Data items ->
########################################
Lemma ler_radprob (R : realType) n (E1 E2 : {ffun 'I_n -> bool} -> bool) :
  (forall e, E1 e -> E2 e) -> radprob R E1 <= radprob R E2.
Proof.
move=> E12; rewrite !radprobE; apply: ler_radmean => e.
by case: (boolP (E1 e)) => [/E12 ->|_]; rewrite ?ler_nat.
Qed.

Lemma eq_radprob (R : realType) n (E1 E2 : {ffun 'I_n -> bool} -> bool) :
  E1 =1 E2 -> radprob R E1 = radprob R E2.
Proof. by move=> E12; rewrite !radprobE; apply: eq_radmean => e; rewrite E12. Qed.

Lemma radprob_bigmax_ge_le (R : realType) n m
    (f : 'I_m -> {ffun 'I_n -> bool} -> R) (thr : R) : 0 < thr ->
  radprob R (fun e => thr <= \big[Order.max/0]_(j < m) f j e)
  <= \sum_j radprob R (fun e => thr <= f j e).
Proof.
move=> thr_gt0; under eq_bigr do rewrite radprobE.
rewrite radprobE -radmean_sum; apply: ler_radmean => e.
case: bigmax_geP => [[|[j _ le_thr_f]]|]; last by rewrite sumr_ge0.
- by rewrite leNgt thr_gt0.
- by rewrite (bigD1 j) //= le_thr_f lerDl sumr_ge0.
Qed.

Lemma chernoff_exponent_le (R : realFieldType) (F t : R)
    (lam := t / (7 * F + 8 * t)) : 0 <= F -> 0 < t ->
  lam / (1 - 7 * lam) * F ^+ 2 - lam * (F + t) ^+ 2 <= - (t ^+ 2 / 8).
Proof.
move=> F_ge0 t_gt0.
have den1_gt0 : 0 < 7 * F + 8 * t by lra.
have den2_gt0 : 0 < 7 * F + t by lra.
have -> : lam / (1 - 7 * lam) * F ^+ 2 - lam * (F + t) ^+ 2
    = - (t ^+ 2 / 8) - t ^+ 2 * F * (7 * F + 9 * t)
                       / (8 * (7 * F + t) * (7 * F + 8 * t)).
  by rewrite /lam; field; rewrite (gt_eqF den1_gt0) (gt_eqF den2_gt0).
rewrite gerBl divr_ge0 // !mulr_ge0 ?sqr_ge0 //; lra.
Qed.

Lemma radprob_radsum_ge_le (R : realType) d n (w : 'I_n -> 'cV[R]_d) (t : R) :
  (forall y, \sum_i vdot (w i) y ^+ 2 <= vdot y y) -> 0 < t ->
  radprob R (fun e =>
    (Num.sqrt (\sum_i vdot (w i) (w i)) + t) ^+ 2 <= vdot (radsum w e) (radsum w e))
  <= expR (- (t ^+ 2 / 8)).
Proof.
move=> bessel t_gt0; set F := Num.sqrt _.
have F_ge0 : 0 <= F := sqrtr_ge0 _.
have exponent_le := chernoff_exponent_le F_ge0 t_gt0.
set lam := t / (7 * F + 8 * t) in exponent_le *.
have den_gt0 : 0 < 7 * F + 8 * t by lra.
have lam_ge0 : 0 <= lam by rewrite /lam divr_ge0 ?ltW.
have lam_lt : 7 * lam < 1 by rewrite /lam mulrA ltr_pdivrMr // mul1r; lra.
rewrite radprobE; apply: le_trans (ler_radmean (g := fun e =>
  expR (- (lam * (F + t) ^+ 2)) * expR (lam * vdot (radsum w e) (radsum w e))) _) _.
  move=> e; rewrite -expRD.
  case: (boolP (_ ^+ 2 <= _)) => [tail|_] /=; last exact: expR_ge0.
  by rewrite -expR0 ler_expR addrC subr_ge0 ler_wpM2l.
rewrite radmeanZ; apply: le_trans (ler_wpM2l (expR_ge0 _)
  (radmean_expR_radsum_le lam_ge0 lam_lt bessel)) _.
have -> : \sum_i vdot (w i) (w i) = F ^+ 2.
  by rewrite sqr_sqrtr // sumr_ge0 // => i _; apply: vdot_ge0.
by rewrite -expRD ler_expR addrC.
Qed.

Section SignedRows.
Variables (R : realType) (n d : nat) (H : 'M[R]_n) (M : 'M[R]_(n, d)) (j : 'I_n).
Hypothesis H_sqr : forall i k, H i k ^+ 2 = n%:R^-1.

Let n_gt0 : (0 < n)%N := leq_ltn_trans (leq0n j) (ltn_ord j).

Let sqrtn_gt0 : 0 < Num.sqrt (n%:R : R).
Proof. by rewrite sqrtr_gt0 ltr0n. Qed.

Definition row_weight i : 'cV[R]_d := (Num.sqrt n%:R * H j i) *: (row i M)^T.

Lemma row_weight_sign i : (Num.sqrt n%:R * H j i) ^+ 2 = 1.
Proof. by rewrite exprMn sqr_sqrtr ?ler0n // H_sqr mulfV // pnatr_eq0 -lt0n. Qed.

Lemma rnorm_row_signed_mx e :
  rnorm (row j (H *m diag_mx (radvec R e) *m M))
  = Num.sqrt (vdot (radsum row_weight e) (radsum row_weight e)) / Num.sqrt n%:R.
Proof.
have entry c : row j (H *m diag_mx (radvec R e) *m M) 0 c
    = (Num.sqrt n%:R)^-1 * radsum row_weight e c 0.
  rewrite !mxE summxE mulr_sumr; apply: eq_bigr => i _.
  by rewrite mul_mx_diag !mxE; field; rewrite (gt_eqF sqrtn_gt0).
rewrite -sqrtrV ?ler0n // -sqrtrM ?vdot_ge0 //; congr Num.sqrt.
rewrite /vdot mxE mulr_suml; apply: eq_bigr => c _.
by rewrite entry exprMn exprVn sqr_sqrtr ?ler0n // mulrC expr2 mxE.
Qed.

Lemma row_weight_bessel y :
  \sum_i vdot (row_weight i) y ^+ 2 = vdot (M *m y) (M *m y).
Proof.
rewrite [RHS]mxE; apply: eq_bigr => i _.
rewrite /vdot linearZ /= -scalemxAl trmxK -row_mul mxE exprMn row_weight_sign.
by rewrite mul1r !mxE expr2.
Qed.

Lemma row_weight_energy :
  Num.sqrt (\sum_i vdot (row_weight i) (row_weight i)) = frob M.
Proof.
congr Num.sqrt; apply: eq_bigr => i _.
rewrite /vdot /row_weight -scalemxAr linearZ /= trmxK -scalemxAl scalerA -expr2.
by rewrite row_weight_sign scale1r mxE; apply: eq_bigr => c _; rewrite !mxE expr2.
Qed.
(* Let $D$ be an integral domain with quotient field $K$ and $n\ge1$. Let $$\mathrm{Int}_K(M_n(D))=\{f\in K[x]\mid f(C)\in M_n(D)\ \forall C\in M_n(D)\},$$ $$\mathrm{Int}_K[M_n(D)]=\{f\in (M_n(K))[x]\mid f(C)\in M_n(D)\ \forall C\in M_n(D)\}.$$ Identify $(M_n(K))[x]$ with $M_n(K[x])$ via the ring isomorphism $\varphi\big(\sum_k (a^{(k)}_{ij})_{i,j}\,x^k\big)=\big(\sum_k a^{(k)}_{ij}x^k\big)_{i,j}$. Then $\varphi(\mathrm{Int}_K[M_n(D)])=M_n(\mathrm{Int}_K(M_n(D)))$.
   Context: For $f=\sum_k A_k x^k\in (M_n(K))[x]$ and $C\in M_n(D)$, $f(C)=\sum_k A_kC^k$ (coefficients written on the left). $\mathrm{Int}_K[M_n(D)]$ is a ring (closed under multiplication) lying between $(M_n(D))[x]$ and $(M_n(K))[x]$. *)

From HB Require Import structures.
From mathcomp Require Import all_boot all_order all_algebra.
Set Implicit Arguments. Unset Strict Implicit. Unset Printing Implicit Defensive.
Import GRing.Theory.
Local Open Scope ring_scope.

(* D : integral domain, K := {fraction D} its quotient field, D embedded via tofrac.
   Matrices are n x n with n = m.+1 (so n >= 1). *)

Definition inMD (D : idomainType) (m : nat) (C : 'M[{fraction D}]_m.+1) : Prop :=
  exists B : 'M[D]_m.+1, C = map_mx (@tofrac D) B.

Definition evalK (D : idomainType) (m : nat) (f : {poly {fraction D}})
  (C : 'M[{fraction D}]_m.+1) : 'M[{fraction D}]_m.+1 :=
  \sum_(k < size f) (f`_k)%:M * C ^+ k.

Definition evalMK (D : idomainType) (m : nat) (f : {poly 'M[{fraction D}]_m.+1})
  (C : 'M[{fraction D}]_m.+1) : 'M[{fraction D}]_m.+1 :=
  \sum_(k < size f) f`_k * C ^+ k.

Definition IntK (D : idomainType) (m : nat) (f : {poly {fraction D}}) : Prop :=
  forall C : 'M[D]_m.+1, inMD (evalK f (map_mx (@tofrac D) C)).

Definition IntKM (D : idomainType) (m : nat) (f : {poly 'M[{fraction D}]_m.+1}) : Prop :=
  forall C : 'M[D]_m.+1, inMD (evalMK f (map_mx (@tofrac D) C)).

Definition phi (D : idomainType) (m : nat) (f : {poly 'M[{fraction D}]_m.+1})
  : 'M[{poly {fraction D}}]_m.+1 :=
  \matrix_(i, j) \poly_(k < size f) (f`_k i j).

From HB Require Import structures.
From mathcomp Require Import all_boot all_order all_algebra.
Set Implicit Arguments. Unset Strict Implicit. Unset Printing Implicit Defensive.
Import GRing.Theory.
Local Open Scope ring_scope.

(* Write K for the fraction field of D and g_ab := phi f a b
   for the entry polynomials of f : M_n(K)[x].  Since f = sum_ab E_ab g_ab,
   where E_ab are the matrix units and g_ab is viewed with scalar
   coefficients, we get f(X) = sum_ab E_ab g_ab(X) for every X : M_n(K).
   - If every g_ab lies in Int_K(M_n(D)), each summand is in M_n(D) for
     X in M_n(D), hence f is in Int_K[M_n(D)]; and phi is onto, since any
     polynomial matrix is phi of its matrix of coefficients.
   - Conversely, for a unit A of M_n(D), conjugation commutes with scalar
     polynomials, so E_rp f(A C A^-1) A = sum_b E_rb A g_pb(C) =: T(A).
     The left side is in M_n(D) when f is in Int_K[M_n(D)], and T is
     additive; since the additive span of the units of M_n(R) contains all
     matrix units (lemma [unit_span_delta]), T(E_lr) = E_rr g_pl(C) is in
     M_n(D), and summing over r gives g_pl(C) in M_n(D). *)

Lemma unit_1Dsqr0 (R : unitRingType) (x : R) : x * x = 0 -> 1 + x \is a GRing.unit.
Proof.
move=> xx0; apply/unitrP; exists (1 - x).
split.
  by rewrite mulrBl mul1r mulrDr mulr1 xx0 addr0 addrK.
by rewrite mulrDl mul1r mulrBr mulr1 xx0 subr0 subrK.
Qed.

Section UnitSpan.
(* The additive subgroup generated by the units of M_n(R) contains every
   matrix unit; we phrase this for any predicate closed under subtraction. *)
Variables (R : comUnitRingType) (n : nat) (S : 'M[R]_n.+1 -> Prop).
Hypothesis S_sub : forall A B, S A -> S B -> S (A - B).
Hypothesis S_unit : forall A, A \is a GRing.unit -> S A.

Let S_1 : S 1.
Proof. by apply: S_unit; rewrite unitr1. Qed.

Let S_opp A : S A -> S (- A).
Proof. by move=> SA; rewrite -sub0r -(subrr 1); apply: S_sub => //; apply: S_sub. Qed.

Let S_add A B : S A -> S B -> S (A + B).
Proof. by move=> SA SB; rewrite -[B]opprK; apply: S_sub => //; apply: S_opp. Qed.

Lemma delta_sqr0 i j : i != j -> (delta_mx i j : 'M[R]_n.+1) * delta_mx i j = 0.
Proof. by move=> ij; rewrite -mulmxE mul_delta_mx_cond eq_sym (negbTE ij). Qed.

Lemma transvection_units i j : i != j ->
  (1 + delta_mx i j : 'M[R]_n.+1) \is a GRing.unit /\
  (1 - delta_mx i j : 'M[R]_n.+1) \is a GRing.unit.
Proof.
move=> ij; split; apply: unit_1Dsqr0; first exact: delta_sqr0.
by rewrite mulrN mulNr opprK delta_sqr0.
Qed.

Lemma unit_span_offdiag i j : i != j -> S (delta_mx i j).
Proof.
move=> ij; have [u _] := transvection_units ij.
by rewrite -(addKr 1 (delta_mx i j)) addrC; apply: S_sub => //; apply: S_unit.
Qed.

(* Every matrix unit lies in S; for a diagonal one use
   E_ll = 1 - E_lt + E_tl - (1 - E_lt)(1 + E_tl) with t != l (or E_ll = 1 if n = 1). *)
Lemma unit_span_delta i j : S (delta_mx i j).
Proof.
have [<- | /unit_span_offdiag //] := eqVneq i j.
case: (pickP (fun t => t != i)) => [t /= ti | all_i].
  have [u1 _] := transvection_units ti.
  have it : i != t by rewrite eq_sym.
  have [_ u2] := transvection_units it.
  pose A : 'M[R]_n.+1 := (1 - delta_mx i t) * (1 + delta_mx t i).
  have uA : A \is a GRing.unit by rewrite /A unitrMl.
  have -> : delta_mx i i = 1 - delta_mx i t + delta_mx t i - A.
    rewrite /A mulrDr mulr1 mulrBl mul1r -mulmxE mul_delta_mx.
    by rewrite addrA subKr.
  apply: S_sub; last exact: S_unit.
  apply: S_add; last exact: unit_span_offdiag.
  by apply: S_sub => //; apply: unit_span_offdiag.
have -> : delta_mx i i = 1 :> 'M[R]_n.+1.
  apply/matrixP => a b; have /negbFE/eqP -> := all_i a; have /negbFE/eqP -> := all_i b.
  by rewrite !mxE !eqxx.
exact: S_1.
Qed.

End UnitSpan.

Lemma expr_conj (R : unitRingType) (A X : R) k :
  A \is a GRing.unit -> (A * X / A) ^+ k = A * X ^+ k / A.
Proof.
move=> uA; elim: k => [|k IHk]; first by rewrite !expr0 mulr1 divrr.
by rewrite exprS IHk !mulrA divrK // -(mulrA A) -exprS.
Qed.

Section IntegerValued.
Variables (D : idomainType) (m : nat).
Local Notation K := {fraction D}.
Local Notation MK := 'M[K]_m.+1.
Local Notation fm := (map_mx (@tofrac D)).

Lemma inMD_map (B : 'M[D]_m.+1) : inMD (fm B).
Proof. by exists B. Qed.

Lemma inMD_sub (X Y : MK) : inMD X -> inMD Y -> inMD (X - Y).
Proof. by move=> [A ->] [B ->]; exists (A - B); rewrite rmorphB. Qed.

Lemma inMD_mul (X Y : MK) : inMD X -> inMD Y -> inMD (X * Y).
Proof. by move=> [A ->] [B ->]; exists (A * B); rewrite rmorphM. Qed.

Lemma inMD_sum (I : finType) (F : I -> MK) :
  (forall i, inMD (F i)) -> inMD (\sum_i F i).
Proof.
move=> hF; apply: (big_ind (@inMD D m)) => //; first by exists 0; rewrite rmorph0.
by move=> _ _ [A ->] [B ->]; exists (A + B); rewrite rmorphD.
Qed.

Definition scalar_poly (g : {poly K}) : {poly MK} := map_poly scalar_mx g.

Lemma evalMK_horner (f : {poly MK}) (X : MK) : evalMK f X = f.[X].
Proof. by rewrite horner_coef. Qed.

Lemma evalK_horner (g : {poly K}) (X : MK) : evalK g X = (scalar_poly g).[X].
Proof.
have scalar_inj : injective (@scalar_mx K m.+1).
  by move=> a b /matrixP /(_ ord0 ord0); rewrite !mxE.
rewrite horner_coef size_map_inj_poly ?raddf0 //.
by apply: eq_bigr => k _; rewrite coef_map.
Qed.

Lemma phi_coef (f : {poly MK}) i j k : (phi f i j)`_k = f`_k i j.
Proof. by rewrite mxE coef_poly; case: ltnP => // h; rewrite nth_default ?mxE. Qed.

Lemma phi_decomp (f : {poly MK}) :
  f = \sum_a \sum_b (delta_mx a b)%:P * scalar_poly (phi f a b).
Proof.
apply/polyP => k; rewrite [RHS]coef_sum [f`_k]matrix_sum_delta.
apply: eq_bigr => a _; rewrite coef_sum; apply: eq_bigr => b _.
by rewrite coefCM coef_map /= phi_coef -mulmxE scalar_mxC mul_scalar_mx.
Qed.

Lemma horner_decomp (f : {poly MK}) (X : MK) :
  f.[X] = \sum_a \sum_b delta_mx a b * (scalar_poly (phi f a b)).[X].
Proof.
rewrite {1}[f]phi_decomp horner_sum; apply: eq_bigr => a _.
by rewrite horner_sum; apply: eq_bigr => b _; rewrite hornerCM.
Qed.

Lemma horner_scalar_conj (g : {poly K}) (A X : MK) : A \is a GRing.unit ->
  (scalar_poly g).[A * X / A] = A * (scalar_poly g).[X] / A.
Proof.
move=> uA; rewrite !horner_coef mulr_sumr mulr_suml; apply: eq_bigr => k _.
rewrite expr_conj // coef_map /= -!mulmxE !mul_scalar_mx !mulmxE.
by rewrite -scalerAr -scalerAl.
Qed.

Lemma delta_mul_entries r p (Y : 'I_m.+1 -> 'I_m.+1 -> MK) :
  delta_mx r p * \sum_a \sum_b delta_mx a b * Y a b = \sum_b delta_mx r b * Y p b.
Proof.
rewrite mulr_sumr (bigD1 p) //= [X in _ + X]big1 ?addr0 => [|a ap].
  by rewrite mulr_sumr; apply: eq_bigr => b _; rewrite mulrA -mulmxE mul_delta_mx.
rewrite mulr_sumr big1 // => b _.
by rewrite mulrA -mulmxE mul_delta_mx_cond eq_sym (negbTE ap) !mul0mx.
Qed.

(* T(A) = sum_b E_rb A g_pb(X), the additive map transferring units to
   matrix units. *)
Definition row_transfer (f : {poly MK}) p (X : MK) r (A : MK) : MK :=
  \sum_b delta_mx r b * A * (scalar_poly (phi f p b)).[X].

Lemma row_transfer_conj f p X r (A : MK) : A \is a GRing.unit ->
  delta_mx r p * f.[A * X / A] * A = row_transfer f p X r A.
Proof.
move=> uA; rewrite horner_decomp delta_mul_entries mulr_suml.
by apply: eq_bigr => b _; rewrite horner_scalar_conj // !mulrA divrK.
Qed.

Lemma row_transfer_sub f p X r (A B : MK) :
  row_transfer f p X r (A - B) = row_transfer f p X r A - row_transfer f p X r B.
Proof. by rewrite -sumrB; apply: eq_bigr => b _; rewrite mulrBr mulrBl. Qed.

Lemma row_transfer_delta f p X r l s :
  row_transfer f p X r (delta_mx l s) = delta_mx r s * (scalar_poly (phi f p l)).[X].
Proof.
rewrite /row_transfer (bigD1 l) //= big1 ?addr0 => [|b bl].
  by rewrite -mulmxE mul_delta_mx.
by rewrite -mulmxE mul_delta_mx_cond (negbTE bl) !mul0mx.
Qed.

Lemma IntKM_row_transfer f p (C : 'M[D]_m.+1) r (A : 'M[D]_m.+1) :
  IntKM f -> A \is a GRing.unit -> inMD (row_transfer f p (fm C) r (fm A)).
Proof.
move=> hf uA; rewrite -row_transfer_conj ?rmorph_unit //.
have := hf (A * C / A); rewrite evalMK_horner rmorphM rmorphV // rmorphM => hAC.
apply: inMD_mul; last exact: inMD_map.
apply: inMD_mul; last exact: hAC.
by rewrite -(map_delta_mx (@tofrac D)); apply: inMD_map.
Qed.

Lemma IntKM_entries (f : {poly MK}) i j : IntKM f -> IntK m (phi f i j).
Proof.
move=> hf C; rewrite evalK_horner.
rewrite -[_.[_]]mul1r -idmxE mx1_sum_delta mulr_suml; apply: inMD_sum => r.
rewrite -row_transfer_delta -(map_delta_mx (@tofrac D)).
apply: (unit_span_delta (S := fun B => inMD (row_transfer f i (fm C) r (fm B)))).
  by move=> A B hA hB; rewrite rmorphB row_transfer_sub; apply: inMD_sub.
by move=> A uA; apply: IntKM_row_transfer.
Qed.

Lemma entries_IntKM (f : {poly MK}) : (forall i j, IntK m (phi f i j)) -> IntKM f.
Proof.
move=> h C; rewrite evalMK_horner horner_decomp.
apply: inMD_sum => a; apply: inMD_sum => b; apply: inMD_mul.
  by rewrite -(map_delta_mx (@tofrac D)); apply: inMD_map.
by rewrite -evalK_horner; apply: h.
Qed.

Lemma phi_surjective (M : 'M[{poly K}]_m.+1) : exists f, phi f = M.
Proof.
pose N := (\max_i \max_j size (M i j))%N.
have sizeN i j : (size (M i j) <= N)%N.
  exact: leq_trans (leq_bigmax (F := fun j => size (M i j)) j)
                   (leq_bigmax (F := fun i => \max_j size (M i j)) i).
exists (\poly_(k < N) \matrix_(i, j) (M i j)`_k).
apply/matrixP => i j; apply/polyP => k; rewrite phi_coef coef_poly.
case: ltnP => kN; first by rewrite mxE.
by rewrite nth_default ?mxE // (leq_trans (sizeN i j) kN).
Qed.

End IntegerValued.

Theorem mainTheorem7 (D : idomainType) (m : nat)
  (M : 'M[{poly {fraction D}}]_m.+1) :
  (exists f : {poly 'M[{fraction D}]_m.+1}, IntKM f /\ phi f = M) <->
  (forall i j, IntK m (M i j)).
Proof.
split=> [[f [hf <-]] i j | hM]; first exact: IntKM_entries.
have [f phifM] := phi_surjective M.
by exists f; split=> //; apply: entries_IntKM; rewrite phifM.
Qed.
########################################
WHAT IS REQUIRED ->
Retype the first line of the entries and every line after it, please, through the line that contains "case: bigmax_geP =>". Add nothing.

ANSWER SPACE ->
Lemma ler_radprob (R : realType) n (E1 E2 : {ffun 'I_n -> bool} -> bool) :
  (forall e, E1 e -> E2 e) -> radprob R E1 <= radprob R E2.
Proof.
move=> E12; rewrite !radprobE; apply: ler_radmean => e.
by case: (boolP (E1 e)) => [/E12 ->|_]; rewrite ?ler_nat.
Qed.

Lemma eq_radprob (R : realType) n (E1 E2 : {ffun 'I_n -> bool} -> bool) :
  E1 =1 E2 -> radprob R E1 = radprob R E2.
Proof. by move=> E12; rewrite !radprobE; apply: eq_radmean => e; rewrite E12. Qed.

Lemma radprob_bigmax_ge_le (R : realType) n m
    (f : 'I_m -> {ffun 'I_n -> bool} -> R) (thr : R) : 0 < thr ->
  radprob R (fun e => thr <= \big[Order.max/0]_(j < m) f j e)
  <= \sum_j radprob R (fun e => thr <= f j e).
Proof.
move=> thr_gt0; under eq_bigr do rewrite radprobE.
rewrite radprobE -radmean_sum; apply: ler_radmean => e.
case: bigmax_geP => [[|[j _ le_thr_f]]|]; last by rewrite sumr_ge0.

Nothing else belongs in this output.